Effect of Dietary Inclusion of Genetically Modified Maize (MON89034) on Marine Medaka Oryzias dancena
With recent increases in the international market price of the fish meal, which is an essential source of protein in aquaculture diets, and increasingly limited supplies, alternative sources of protein are being sought.

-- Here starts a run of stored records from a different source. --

Let w_nrm : nrm W w = del / 2.
Proof.
  pose proof x0_nrm. unfold w. rewrite nrm_scal_nonneg; auto using x0_mem.
  - field. lra.
  - apply Rlt_le, Rdiv_lt_0_compat; lra.
Qed.

Let Q_mem q : Q q -> mem W q.
Proof.
  intros [->|[s [t [c [_ [_ [Hc ->]]]]]]]; [apply mem_0|].
  apply mem_add; apply mem_scal; auto using mem_sub, w_mem.
Qed.

Let Q_add q1 q2 : Q q1 -> Q q2 -> Q (vadd q1 q2).
Proof.
  intros [->|[s1 [t1 [c1 [Hs1 [Ht1 [Hc1 ->]]]]]]].
  { rewrite vadd_0_l; auto. }
  intros [->|[s2 [t2 [c2 [Hs2 [Ht2 [Hc2 ->]]]]]]].
  { rewrite vadd_0. right; exists s1, t1, c1; auto. }
  right. set (a := s1 / (s1 + s2)).
  exists (s1 + s2), (t1 + t2), (vadd (vscal a c1) (vscal (1 - a) c2)).
  repeat split; try lra.
  - apply C_convex; auto. unfold a. split.
    + apply Rlt_le, Rdiv_lt_0_compat; lra.
    + apply (Rmult_le_reg_r (s1 + s2)); [lra|]. field_simplify; lra.
  - unfold a. vring (c1 :: c2 :: g :: w :: nil).
Qed.

Let Q_scal a q : a > 0 -> Q q -> Q (vscal a q).
Proof.
  intros Ha [->|[s [t [c [Hs [Ht [Hc ->]]]]]]].
  - left. apply vscal_0_r.
  - right. exists (a * s), (a * t), c. repeat split; try nra; auto.
    vring (c :: g :: w :: nil).
Qed.

Let Q_vzero : Q vzero.
Proof. left; reflexivity. Qed.

Let x0_far_from_Q q : Q q -> del / 2 <= nrm W (vsub x0 q).
Proof.
  pose proof x0_nrm. intros [->|[s [t [c [Hs [Ht [Hc ->]]]]]]].
  { replace (vsub x0 vzero) with x0 by vring (x0 :: nil). lra. }
  set (cn := vadd (vscal (/ (1 + s)) c0) (vscal (1 - / (1 + s)) c)).
  assert (Hcn : C cn).
  { apply C_convex; auto. split.
    - apply Rlt_le, Rinv_0_lt_compat; lra.
    - rewrite <- Rinv_1. apply Rinv_le_contravar; lra. }
  replace (vsub x0 (vadd (vscal s (vsub c g)) (vscal t w)))
    with (vsub (vscal (1 + s) (vsub g cn)) (vscal t w))
    by (unfold x0, cn; vring (g :: c0 :: c :: w :: nil)).
  pose proof (nrm_reverse_triangle W (vscal (1 + s) (vsub g cn)) (vscal t w)
                (mem_scal _ _ _ _ (mem_sub _ _ _ g_mem (C_mem _ Hcn))) (mem_scal _ _ _ _ w_mem)).
  rewrite !nrm_scal_nonneg, w_nrm in H0 by (auto using mem_sub, w_mem; lra).
  pose proof (C_far cn Hcn). nra.
Qed.

Lemma separating_functional :
  exists f eta, is_dual_elt W f /\ eta > 0 /\ forall c, C c -> f c <= f g - eta.
Proof.
  destruct (hahn_banach (mem W) (cone_dist W Q) (mem_0 _ W) (mem_add _ W) (mem_scal _ W)
              (cone_dist_add W Q Q_mem Q_vzero Q_add)
              (cone_dist_scal W Q Q_mem Q_vzero Q_scal) x0 x0_mem)
    as [f [[La Ls] [Hfp Hfx0]]].
  assert (Hfd : is_dual_elt W f).
  { apply (dual_of_dominated W f); [split; auto|]. intros x Hx.
    eapply Rle_trans; [apply Hfp; auto | apply cone_dist_le_nrm; auto]. }
  assert (Hdist : del / 2 <= f x0).
  { rewrite Hfx0. apply (cone_dist_spec W Q Q_mem Q_vzero x0 x0_mem).
    intros r [q [Hq ->]]. apply x0_far_from_Q; auto. }
  exists f, (f w). split; [|split]; auto.
  - pose proof x0_nrm. unfold w. rewrite Ls by apply x0_mem.
    apply Rmult_lt_0_compat; [apply Rdiv_lt_0_compat|]; lra.
  - intros c Hc.
    assert (HQ : Q (vadd (vadd c (vscal (-1) g)) w)).
    { right. exists 1, 1, c. repeat split; try lra; auto. vring (c :: g :: w :: nil). }
    pose proof (Hfp _ (Q_mem _ HQ)) as Hle.
    rewrite (cone_dist_in_cone W Q Q_mem Q_vzero) in Hle by auto.
    rewrite !La, Ls in Hle by auto using mem_add, mem_scal, w_mem. lra.
Qed.

End Separation.

Lemma mazur {Y : VS} (W : NormedSub Y) (C : Y -> Prop) (c0 g : Y) :
  (forall c, C c -> mem W c) -> convex C -> C c0 -> mem W g ->
  (forall f B, is_dual_elt W f -> (forall c, C c -> f c <= B) -> f g <= B) ->
  forall del, del > 0 -> exists c, C c /\ nrm W (vsub g c) < del.
Proof.
  intros HCW Hconv Hc0 Hg Hweak del Hdel. apply NNPP. intro Hnear.
  destruct (separating_functional W C c0 g del) as [f [eta [Hfd [Heta Hsep]]]]; auto.
  { intros c Hc. apply Rnot_lt_le. intro Hlt. apply Hnear. exists c; auto. }
  pose proof (Hweak f (f g - eta) Hfd Hsep). lra.
Qed.

Lemma nrm_weak_limit_le {Y : VS} (W : NormedSub Y) (g : Y) (gs : nat -> Y) B :
  mem W g -> (forall k, mem W (gs k)) ->
  (forall f B', is_dual_elt W f -> eventual_bound (fun k => f (gs k)) B' -> f g <= B') ->
  eventual_bound (fun k => nrm W (gs k)) B -> nrm W g <= B.
Proof.
  intros Hg Hgs Hweak [n Hn]. destruct (norming_functional W g Hg) as [f [Hfd [Hfb Hfg]]].
  rewrite <- Hfg. apply Hweak; auto. exists n. intros k Hk.
  pose proof (Rle_abs (f (gs k))). pose proof (Hfb _ (Hgs k)). pose proof (Hn k Hk). lra.
Qed.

In particular, the use of alternatives including soybean meal, fermented soybean meal, and corn gluten meal (CGM) has been studied [1,2]. Given the –2% grain self-sufficiency rate in Korea , the CGM derived from genetically modified (GM) maize is a major source of protein.
GM crops produced using genetic engineering carry foreign genes for various characteristics including herbicide tolerance, insect resistance, and drought resistance, and hybrid lines have recently been produced . The insect resistance lines include cry genes that code for the insecticidal δ-endotoxins (Cry-protein) of the soil bacterium Bacillus thuringiensis (Bt) . There are many types of Cry-proteins produced by Bt. They have strong host specificity, and it has been reported that they have no impact on non-target organisms, human health and the environment .
The Cry1A.105 gene, which is a compound of the Cry2Ab2 and Cry genes, was inserted into maize to prevent damage by lepidopteran insects. The MON89034 maize line has been found to be nutritionally equivalent to non-genetically modified (non-GM) maize . Studies on the influence of MON89034 × MON88017 maize crosses on non-target organisms includingAglaisurticae and Caenorhabditis elegans have been undertaken [8,9]. However, no studies have been reported on the effect on fish of a diet containing MON89034.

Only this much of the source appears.